In total, 177 women recruited for the study. Mean age and parity of the subjects were 26.71 ± 9.96 and 2.10 ± 1.8, respectively [Table 1]. For detailed statistical analysis, women were divided into three groups depending upon their VD levels: deficiency group [25(OH)D level <20 ng/mL], insufficiency group [25(OH)D level <32 ng/mL], and sufficient group [25(OH)D level >32 ng/mL]. Mean VD level was 15.53 ± 7.65 ng/dL. VDD was present in 84.18% subjects. Mean VD level in this group was 12.91 ng/dL. VD insufficiency was present in 12.44% of cases. Mean VD level was 24.175 ng/dL in this group. only six subjects had sufficient VD level. There is no association of age, education, religion, rural, versus urban area. VDD and insufficiency were present in almost all (96.62%) women. There is inverse relationship between parity and VD. Mean VD level was less in women with hypertensive disorder of pregnancy (13.52 ng/dL) as compared with women with normal blood pressure (16.02) (P < 0.01) [Table 2].

Table 1

Demographic profile

Parameters	Mean
Mean age	26.71±9.96
Mean parity	2.10±1.8
Mean vitamin D level in insufficient group	24.175±2.17
Mean vitamin D level in deficient group	12.91±4.06

Table 2

Vitamin D (VD) level in various groups

Mean VD value	Mean VD value	P
VD level in PIH group 13.52 ng/dl	VD level in normotensive group 16.02 ng/dl	P 0.01
VD level in LSCS group 13.51 ng/dl	VD level in vaginal delivery group 17.57 ng/dl	P 0.000
VD level in low birth weight group 12.17 ng/dl	VD level not in low birth weight group 17.45 ng/dl	P 0.001

About 54.25% delivered vaginally and 47.14% delivered by LSCS. Women who underwent LSCS have deficiency and insufficiency of 90% and 7%, respectively, as compared with vaginal delivery who are having deficiency and insufficiency of 80% and 11%, respectively. Mean VD level in women who underwent normal vaginal delivery was 17.57 and women who underwent LSCS was 13.51. There was statistical significance difference between two groups (P-value 0.000) by t-test unequal variance.

Mean VD level was 12.17 in mothers whose babies were low birth weight as compared with 17.45 in mothers who are having no low birth weight babies (P-value = 0.001).

Discussion

In this prospective study, prevalence of VDD and insufficiency in pregnancy was 96.62%. Sunlight exposure is often the major influence on the VD status and is influenced by skin color, latitude, season as well as life style and cultural practices.
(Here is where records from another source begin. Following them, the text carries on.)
Lemma inIF_qminus : inIF m g (qminus m g).
Proof.
exists (inRF (tinv 1 - tinv 2)), (inRF (tinv 1 - tinv 0)); apply/eqRFE/eq_eqloc.
rewrite /= /theta; pol_ring.
Qed.

End Generators.

Definition cyc_alt (f : 'I_3 -> Pol) : Pol :=
  f 0 * ('X_2 - 'X_1) + f 1 * ('X_0 - 'X_2) + f 2 * ('X_1 - 'X_0).

Definition Delta_sym_multiple (P : Pol) := exists2 r, r \is symmetric & P = Delta * r.

Lemma Delta_sym_multipleD P Q :
  Delta_sym_multiple P -> Delta_sym_multiple Q -> Delta_sym_multiple (P + Q).
Proof. by move=> [r hr ->] [r' hr' ->]; exists (r + r'); rewrite ?rpredD ?mulrDr. Qed.

Lemma Delta_sym_multipleMl c P :
  c \is symmetric -> Delta_sym_multiple P -> Delta_sym_multiple (c * P).
Proof. by move=> hc [r hr ->]; exists (c * r); rewrite ?rpredM // mulrCA. Qed.

(* X_i^(k+3) = e1 X_i^(k+2) - e2 X_i^(k+1) + e3 X_i^k, and cyc_alt (X^2) = Delta *)
Lemma cyc_alt_pow_Delta k : Delta_sym_multiple (cyc_alt (fun i => 'X_i ^+ k)).
Proof.
pose P k := Delta_sym_multiple (cyc_alt (fun i => 'X_i ^+ k)).
suff : [/\ P k, P k.+1 & P k.+2] by case.
elim: k => [|k [h0 h1 h2]].
  split; [exists 0 | exists 0 | exists 1]; rewrite ?rpred0 ?rpred1 //;
  by rewrite /cyc_alt /Delta; pol_ring.
split => //; rewrite /P.
have -> : cyc_alt (fun i => 'X_i ^+ k.+3) = e1 * cyc_alt (fun i => 'X_i ^+ k.+2)
  - e2 * cyc_alt (fun i => 'X_i ^+ k.+1) + e3 * cyc_alt (fun i => 'X_i ^+ k).
  by rewrite /cyc_alt e1E e2E e3E !exprS; pol_ring.
rewrite -mulNr; apply: Delta_sym_multipleD; first apply: Delta_sym_multipleD.
all: by apply: Delta_sym_multipleMl; sym_closed.
Qed.

Lemma cyc_alt_horner_Delta (Q : {poly Pol}) : Q \is a polyOver (@symmetric_pred 3 rat) ->
  Delta_sym_multiple (cyc_alt (fun i => Q.[ 'X_i ])).
Proof.
move=> /polyOverP Qsym; rewrite /cyc_alt !horner_coef !big_distrl -!big_split /=.
apply: (big_ind Delta_sym_multiple); first by exists 0; rewrite ?rpred0 ?mulr0.
  exact: Delta_sym_multipleD.
move=> j _; rewrite -!mulrA -!mulrDr.
exact: Delta_sym_multipleMl (Qsym j) (cyc_alt_pow_Delta j).
Qed.

Section Psi.
Variables (m : nat) (g : {poly int}).

Definition Fpoly : {poly Pol} :=
  ('X^2 - e1%:P * 'X + e2%:P) ^+ m * \sum_(k < size g) ((g`_k)%:~R : rat)%:MP%:P * 'X^k.

Lemma Fch_horner i : Fch m g i = Fpoly.[ 'X_i ].
Proof.
rewrite /Fch /Fpoly hornerM horner_exp !hornerE horner_sum tinv_quad; congr (_ * _).
by apply: eq_bigr => k _; rewrite !hornerE mul_mpolyC.
Qed.

Lemma Fpoly_sym : Fpoly \is a polyOver (@symmetric_pred 3 rat).
Proof.
apply: rpredM.
  apply/rpredX/rpredD; last by rewrite polyOverC e2_sym.
  by apply/rpredB/rpredM; rewrite ?polyOverXn ?polyOverX ?polyOverC ?e1_sym.
apply: rpred_sum => k _; apply: rpredM; last exact: polyOverXn.
by rewrite polyOverC -[X in X \in _]mulr1 mul_mpolyC rpredZ ?rpred1.
Qed.

Lemma Psi_det b : Delta_sym_multiple (- detMat m g b).
Proof.
case: b; rewrite -[- _]/(rnum (inRF _)) -?qplusE -?qminusE.
  have -> : rnum (qplus m g) = cyc_alt (fun i => Fpoly.[ 'X_i ]).
    by rewrite /qplus /cyc_alt -!Fch_horner /= /theta /tv; pol_ring.
  exact/cyc_alt_horner_Delta/Fpoly_sym.
have -> : rnum (qminus m g) = cyc_alt (fun i => (- (Fpoly * 'X)).[ 'X_i ]).
  case: tinvE => h0 h1 h2.
  by rewrite /qminus /cyc_alt !(hornerN, hornerMX) -!Fch_horner /= /theta h0 h1 h2; pol_ring.
by apply/cyc_alt_horner_Delta; rewrite rpredN rpredM ?polyOverX ?Fpoly_sym.
Qed.

End Psi.

Arguments qplus : simpl never.
Arguments qminus : simpl never.

Section Generation.
Variables (m : nat) (g : {poly int}).
Local Notation D := (Dloc m g).
Local Notation theta := (theta m g).
Local Notation qp := (rnum (qplus m g)).
Local Notation qm := (rnum (qminus m g)).

Lemma msym_theta (s : 'S_3) j k : msym s (theta j k) = theta (s j) (s k).
Proof. by rewrite msymB !msym_Fch. Qed.

Definition q_span (P : Pol) := exists A B : Pol,
  [/\ A \is symmetric, B \is symmetric & P = A * qp + B * qm].

Lemma q_spanD P Q : q_span P -> q_span Q -> q_span (P + Q).
Proof.
move=> [A [B [hA hB ->]]] [A' [B' [hA' hB' ->]]].
by exists (A + A'), (B + B'); split; rewrite ?rpredD //; pol_ring.
Qed.

Lemma asym_artin_theta10 c : (forall k, c k \is symmetric) ->
  asym (artin_comb c * theta 1 0) =
  (c 1%N + e1 * c 2%N + c 3%N) * qp + (c 2%N - 2%:R * c 4%N - e1 * c 5%N) * qm.
Proof.
move=> /(_ _) /issymP c_sym; rewrite asym3E !msymM !msym_theta /artin_comb.
rewrite !(msymD, msymM, msymXn, c_sym, msymXU) !S3_valsE.
by case: tinvE => h0 h1 h2; rewrite /qplus /qminus /= /theta /tv h0 h1 h2 e1E; pol_ring.
Qed.

Lemma asym_theta10_span y : q_span (asym (y * theta 1 0)).
Proof.
have [c [c_sym ->]] := artin_decomposition y; rewrite asym_artin_theta10 //.
by do 2 eexists; split; last reflexivity; sym_closed.
Qed.

Lemma asym_theta21_span y : q_span (asym (y * theta 2 1)).
Proof.
have -> : theta 2 1 = msym r1 (theta 1 0) by rewrite msym_theta !S3_valsE.
have -> : y = msym r1 (msym r1^-1 y) by rewrite -msymMm mulVg msym1m.
by rewrite -msymM asym_msym S3_oddE expr0 mul1r; apply: asym_theta10_span.
Qed.

Lemma antiRF_asym x e : antiRF m g (mkRF x e) -> eqloc m g (asym x) (x *+ 6).
Proof.
move=> anti_x; have -> : x *+ 6 = \sum_(s : 'S_3) x by rewrite sumr_const card_Sn.
apply: eqloc_sum => s; apply: (@eqloc_mulDl _ _ e).
by have /eqRFE := anti_x s.
Qed.

Lemma inIF_asym_span x e : inIF m g (mkRF x e) ->
  exists N A B, [/\ A \is symmetric, B \is symmetric &
    eqloc m g (D ^+ N * asym x) (A * qp + B * qm)].
Proof.
move=> [[xa ea] [[xb eb] hx]]; move: hx; rewrite eqRFE /= !addn0 => hx.
have [A [B [hA hB eAB]]] :
  q_span (asym (D ^+ e * D ^+ eb * xa * theta 1 0 + D ^+ e * D ^+ ea * xb * theta 2 1)).
  by rewrite asymD; apply: q_spanD; [apply: asym_theta10_span | apply: asym_theta21_span].
exists (ea + eb)%N, A, B; split => //; rewrite -eAB -asymMsym; last exact/rpredX/Dloc_sym.
by apply: eqloc_asym; apply: eqloc_trans hx _; apply: eq_eqloc; rewrite /theta; pol_ring.
Qed.

Lemma antiRF_inIF_span p : antiRF m g p -> inIF m g p ->
  exists A B E, [/\ A \is symmetric, B \is symmetric &
    eqRF m g p (addRF m g (mulRF (mkRF A E) (qplus m g)) (mulRF (mkRF B E) (qminus m g)))].
Proof.
case: p => x e anti_x /inIF_asym_span [N [A [B [hA hB hAB]]]].
have sixK : D ^+ N * x = (6%:R)^-1 *: (D ^+ N * (x *+ 6)).
  by rewrite mulrnAr -scaler_nat scalerA mulVf ?scale1r.
have hx : eqloc m g (D ^+ N * x) ((6%:R)^-1 *: (A * qp + B * qm)).
  rewrite sixK; apply: eqloc_scale.
  exact: eqloc_trans (eqloc_mull _ (eqloc_sym (antiRF_asym anti_x))) hAB.
exists ((6%:R)^-1 *: A), ((6%:R)^-1 *: B), (N + e)%N; split; try sym_closed.
rewrite eqRFE /= !addn0.
have -> : D ^+ (N + e + (N + e)) * x = D ^+ (N + e + e) * (D ^+ N * x).
  by rewrite !exprD; pol_ring.
rewrite -!mul_mpolyC in hx *.
have -> (P Q : Pol) :
    D ^+ e * (D ^+ (N + e) * P + D ^+ (N + e) * Q) = D ^+ (N + e + e) * (P + Q).
  by rewrite !exprD; pol_ring.
by rewrite -!mulrA -mulrDr; apply: eqloc_mull.
Qed.

End Generation.

Theorem lemma5p11 (m : nat) (g : {poly int}) (hg : forall k, 0 <= g`_k) :
  (* q_+ and q_- lie in (I_F^sgn)^W *)
  (antiRF m g (qplus m g) /\ inIF m g (qplus m g)) /\
  (antiRF m g (qminus m g) /\ inIF m g (qminus m g)) /\
  (* they generate (I_F^sgn)^W as an R_F^W-module *)
  (forall p : RF, antiRF m g p -> inIF m g p ->
     exists a b : RF, symRF m g a /\ symRF m g b /\
       eqRF m g p (addRF m g (mulRF a (qplus m g)) (mulRF b (qminus m g)))) /\
  (* Psi(q_+-) exists and equals -(1/Delta) det(...) *)
  (exists r : RF, symRF m g r /\ eqRF m g (mulRF (inRF Delta) r) (qplus m g) /\
       eqRF m g (mulRF (inRF Delta) r) (inRF (- detMat m g true))) /\
  (exists r : RF, symRF m g r /\ eqRF m g (mulRF (inRF Delta) r) (qminus m g) /\
       eqRF m g (mulRF (inRF Delta) r) (inRF (- detMat m g false))) /\
  (* consequently Psi((I_F^sgn)^W) is generated by Psi(q_+), Psi(q_-) *)
  (forall rp rm : RF,
     symRF m g rp -> eqRF m g (mulRF (inRF Delta) rp) (qplus m g) ->
     symRF m g rm -> eqRF m g (mulRF (inRF Delta) rm) (qminus m g) ->
     forall p r : RF, antiRF m g p -> inIF m g p ->
       symRF m g r -> eqRF m g (mulRF (inRF Delta) r) p ->
       exists a b : RF, symRF m g a /\ symRF m g b /\
         eqRF m g r (addRF m g (mulRF a rp) (mulRF b rm))).
Proof.
have Psi b : exists r, symRF m g r /\ eqRF m g (mulRF (inRF Delta) r) (inRF (- detMat m g b)).
  have [rho rho_sym erho] := Psi_det m g b.
  by exists (inRF rho); split; [apply: symRF_sym | apply/eqRFE/eq_eqloc; rewrite /= erho].
have span := @antiRF_inIF_span m g.
split; first by split; [rewrite qplusE; apply: antiRF_det | apply: inIF_qplus].
split; first by split; [rewrite qminusE; apply: antiRF_det | apply: inIF_qminus].
split.
  move=> p anti_p inI_p; have [A [B [E [symA symB ep]]]] := span p anti_p inI_p.
  by exists (mkRF A E), (mkRF B E); do 2 (split; first exact: symRF_sym).
split; first by have [r [sym_r er]] := Psi true; exists r; rewrite qplusE.
split; first by have [r [sym_r er]] := Psi false; exists r; rewrite qminusE.
move=> rp rm _ Drp _ Drm p r anti_p inI_p _ Dr.
have [A [B [E [symA symB ep]]]] := span p anti_p inI_p.
exists (mkRF A E), (mkRF B E); do 2 (split; first exact: symRF_sym).
apply: eqRF_cancel_Delta; apply: eqRF_trans Dr _; apply: eqRF_trans ep _.
apply: eqRF_trans _ (eqRF_factorl m g _ _ _ _ _).
by apply: eqRF_add; apply: eqRF_mul (eqRF_refl _ _ _) (eqRF_sym _).
Qed.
Shillong is at 25.57°N 91.88°E. In the summer, the temperature varies from 23°C (73°F). In the winter, the temperature varies from 4°C (39°F). the city features a subtropical highland climate. Its summers are cool and very rainy, while its winters are cool and dry. Shillong is subject to vagaries of the monsoon. The monsoons arrive in June and it rains almost until the end of August. People keep cover themselves almost throughout the year. Staple diet is rice. Diet is also not rich in VD.

This finding of high prevalence correlating very well with other studies done in various parts of the world. In London in antenatal population, a VD level was <25 nmol/L (10 ng/mL) was found in 47% of Indian Asian women, 64% of middle eastern women, 58% in black women, and 13% of Caucasian.[12] In this study, cutoff was less; therefore, extent of deficiency was not that high. This high prevalence of VDD <20 ng/mL also observed among pregnant women in northeastern United States.[13] VDD is also noted in gulf state.[14]

There are studies which showed wide spread prevalence of VDD in India.[1516] Various reason for this high deficiency may be poor sun exposure due to modern life style, vegetarian diet, skin pigmentation, and some cultural practice, such as pardah and burkhah.

In our study, age has no relation with VDD. Parity has direct association with VDD. Repeated and unspaced pregnancy can also exaggerated the VDD, which is already present in these women.

In present study, VD level was very low in pre-eclampsic women as compared with normotensive women (P < 0.01). This finding correlating well with another study that documented VD insufficiency was associated with increased risk of pre-eclampsia, gestational diabetes mellitus, and small for gestational age babies.[17] In two other studies, women who developed pre-eclampsia were found to have lower level of VD than women who did not with <50 nmol/L associated with a fivefold increased risk of severe pre-eclampsia.[1819]

A study from Canada demonstrated that women with low circulating maternal VD level are more likely to have hypertension on pregnancy in the univariate analysis, but not the multivariate analysis.[1320] Two meta-analyses, including a meta-analysis of 31 studies, demonstrated that VD insufficiency was associated with pre-eclampsia and SGA infants.[1721]

In our study, mother of low birth weight babies were VD insufficient or deficient. There is positive association in these two parameters.

Maternal VD levels have been shown to positively correlate with birthweight centile.[22] One study from Holland showed that women with VDD had a 2.4-fold increased risk of having an SGA baby.[23] One more study found that maternal VD levels of <37.5 nmol/L in the first half of pregnancy were associated with an adjusted odds ratio of 7.5 for SGA infants in white women, but not in black women.[24] Another study from Australia found that mean birthweight was 200 g lower (P < 0.001) in babies of VDD mothers.[25] However, other studies demonstrated no relationship between maternal VD levels in the first trimester and birthweight but revealed that low VD levels in late pregnancy were linked with reduced intrauterine long bone growth and lower gestational age at delivery.[26]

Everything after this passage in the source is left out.